If you use surrogate splits, `predictorImportance` computes estimates before the tree is reduced by pruning or merging leaves. If you do not use surrogate splits, `predictorImportance` computes estimates after the tree is reduced by pruning or merging leaves. Therefore, reducing the tree by pruning affects the predictor importance for a tree grown without surrogate splits, and does not affect the predictor importance for a tree grown with surrogate splits.

## Examples

Find predictor importance for the `carsmall` data. Use just the numeric predictors:

```load carsmall X = [Acceleration Cylinders Displacement ... Horsepower Model_Year Weight]; tree = fitrtree(X,MPG); imp = predictorImportance(tree) imp = 0.0315 0 0.1082 0.0686 0.1629 1.2924```

The weight (last predictor) has the most impact on mileage (MPG). The second predictor has importance 0; this means the number of cylinders has no impact on predictions made with `tree`.

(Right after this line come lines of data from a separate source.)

Theorem mainTheorem17 (K : fieldType) (G : groupoid) (S : ksemigroup K)
  (Gam : G -> S) (sigma : G -> G -> K) :
  kcancellative S ->
  partial_proj_rep Gam ->
  factor_set Gam sigma ->
  (forall x : G, smul (Gam (gr x)) (Gam x) = Gam x /\
                 smul (Gam x) (Gam (gd x)) = Gam x) ->
  forall x y : G,
    (* eta_x^2 = eta_x sigma(x,x^-1),  n_x^2 = n_x *)
    (smul (eta Gam x) (eta Gam x) = sact (sigma x (ginv x)) (eta Gam x) /\
     smul (nelt Gam sigma x) (nelt Gam sigma x) = nelt Gam sigma x) /\
    (* eta_x = 0 <-> sigma(x,x^-1) = 0 <-> Gamma(x) = 0 <-> n_x = 0 *)
    ((eta Gam x = szero S <-> sigma x (ginv x) = 0) /\
     (sigma x (ginv x) = 0 <-> Gam x = szero S) /\
     (Gam x = szero S <-> nelt Gam sigma x = szero S)) /\
    (gr x = gr y ->
       (smul (eta Gam x) (eta Gam y) = szero S <->
          smul (eta Gam y) (eta Gam x) = szero S) /\
       (smul (eta Gam y) (eta Gam x) = szero S <->
          smul (nelt Gam sigma x) (nelt Gam sigma y) = szero S)) /\
    (gd x = gr y ->
       smul (Gam x) (nelt Gam sigma y) = smul (nelt Gam sigma (gmul x y)) (Gam x)) /\
    (gr x = gr y ->
       smul (nelt Gam sigma x) (nelt Gam sigma y)
         = smul (nelt Gam sigma y) (nelt Gam sigma x)).
Proof.
move=> canc rep fs unit x y.
have n_lam := nelt_lam canc rep fs unit.
have [sigma0 eta0] := (sigma_inv_eq0 fs x, eta_eq0 rep unit x).
split; first by split; [apply: eta_idem | apply: nelt_idem].
split; first by have := nelt_eq0 canc rep fs unit x; tauto.
split.
  move=> /(eta_comm_lam rep unit) eta_yx; split; first exact: lam_szero eta_yx.
  apply: iff_sym; apply: lam_szero.
  exact: lam_trans (lam_mul (n_lam x) (n_lam y)) eta_yx.
split; [exact: Gam_mul_nelt | exact: nelt_comm].
Qed.
(* Let $0<r<1$ and $0<\theta<\pi/2$. Let $Q\subset\mathbb{D}$ be the domain bounded by four circular arcs: the arc in the upper half-plane orthogonal to the unit circle at $e^{i\theta}$ and $e^{i(\pi-\theta)}$; the arc in the lower half-plane orthogonal to the unit circle at $e^{i(\theta-\pi)}$ and $e^{-i\theta}$; the circular arc through $r$, $i$, $-i$; and the circular arc through $-r$, $i$, $-i$. Let $a,b,c,d$ be the points of intersection of these arcs lying in the second, third, fourth and first quadrants respectively. Then $$\mathrm{QM}(Q;a,b,c,d)=\frac{\pi-2\beta}{\rho},$$ where $u=\tan(\theta/2)$, $\rho=2\log\frac{1+u}{1-u}$ and $\beta=\operatorname{arccot}\frac{2r}{1-r^2}$.
   Context: A quadrilateral $(D;z_1,z_2,z_3,z_4)$ is a Jordan domain $D\subset\mathbb{C}$ together with four points $z_1,z_2,z_3,z_4\in\partial D$ in positive order on $\partial D$. Its modulus $\mathrm{QM}(D;z_1,z_2,z_3,z_4)=h$ is defined by the requirement that there is a conformal map of $D$ onto the rectangle with vertices $1+ih, ih, 0, 1$ extending to the boundary so that $z_1\mapsto 1+ih$, $z_2\mapsto ih$, $z_3\mapsto 0$, $z_4\mapsto 1$. Equivalently, it is the conformal modulus of the family of all curves in $D$ joining the boundary arc from $z_2$ to $z_3$ with the boundary arc from $z_4$ to $z_1$. $\mathbb{D}$ denotes the unit disk. *)

From Stdlib Require Import Reals.
Open Scope R_scope.

Definition Cpx : Type := (R * R)%type.
Definition Cre (z : Cpx) : R := fst z.
Definition Cim (z : Cpx) : R := snd z.
Definition Cadd (z w : Cpx) : Cpx := (fst z + fst w, snd z + snd w).
Definition Csub (z w : Cpx) : Cpx := (fst z - fst w, snd z - snd w).
Definition Cmul (z w : Cpx) : Cpx :=
  (fst z * fst w - snd z * snd w, fst z * snd w + snd z * fst w).
Definition Cmod (z : Cpx) : R := sqrt (fst z ^ 2 + snd z ^ 2).
Definition Cexpi (t : R) : Cpx := (cos t, sin t).

Definition continuous_on (F : Cpx -> Cpx) (S : Cpx -> Prop) : Prop :=
  forall z, S z -> forall eps, eps > 0 -> exists delta, delta > 0 /\
    forall w, S w -> Cmod (Csub w z) < delta -> Cmod (Csub (F w) (F z)) < eps.

Definition holomorphic_on (F : Cpx -> Cpx) (D : Cpx -> Prop) : Prop :=
  forall z, D z -> exists l : Cpx, forall eps, eps > 0 -> exists delta, delta > 0 /\
    forall h : Cpx, Cmod h < delta ->
      Cmod (Csub (Csub (F (Cadd z h)) (F z)) (Cmul l h)) <= eps * Cmod h.

Definition closure (D : Cpx -> Prop) (z : Cpx) : Prop :=
  forall eps, eps > 0 -> exists w, D w /\ Cmod (Csub w z) < eps.

Definition open_rect (h : R) (w : Cpx) : Prop :=
  0 < fst w < 1 /\ 0 < snd w < h.
Definition closed_rect (h : R) (w : Cpx) : Prop :=
  0 <= fst w <= 1 /\ 0 <= snd w <= h.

Estimate the predictor importance for all variables in the `carsmall` data for a tree grown with surrogate splits:

```load carsmall X = [Acceleration Cylinders Displacement ... Horsepower Model_Year Weight]; tree2 = fitrtree(X,MPG,... 'Surrogate','on'); imp2 = predictorImportance(tree2) imp2 = 0.5287 1.1977 1.2400 0.7059 1.0677 1.4106```

While weight (last predictor) still has the most impact on mileage (MPG), this estimate has the second predictor (number of cylinders) as the third most important predictor.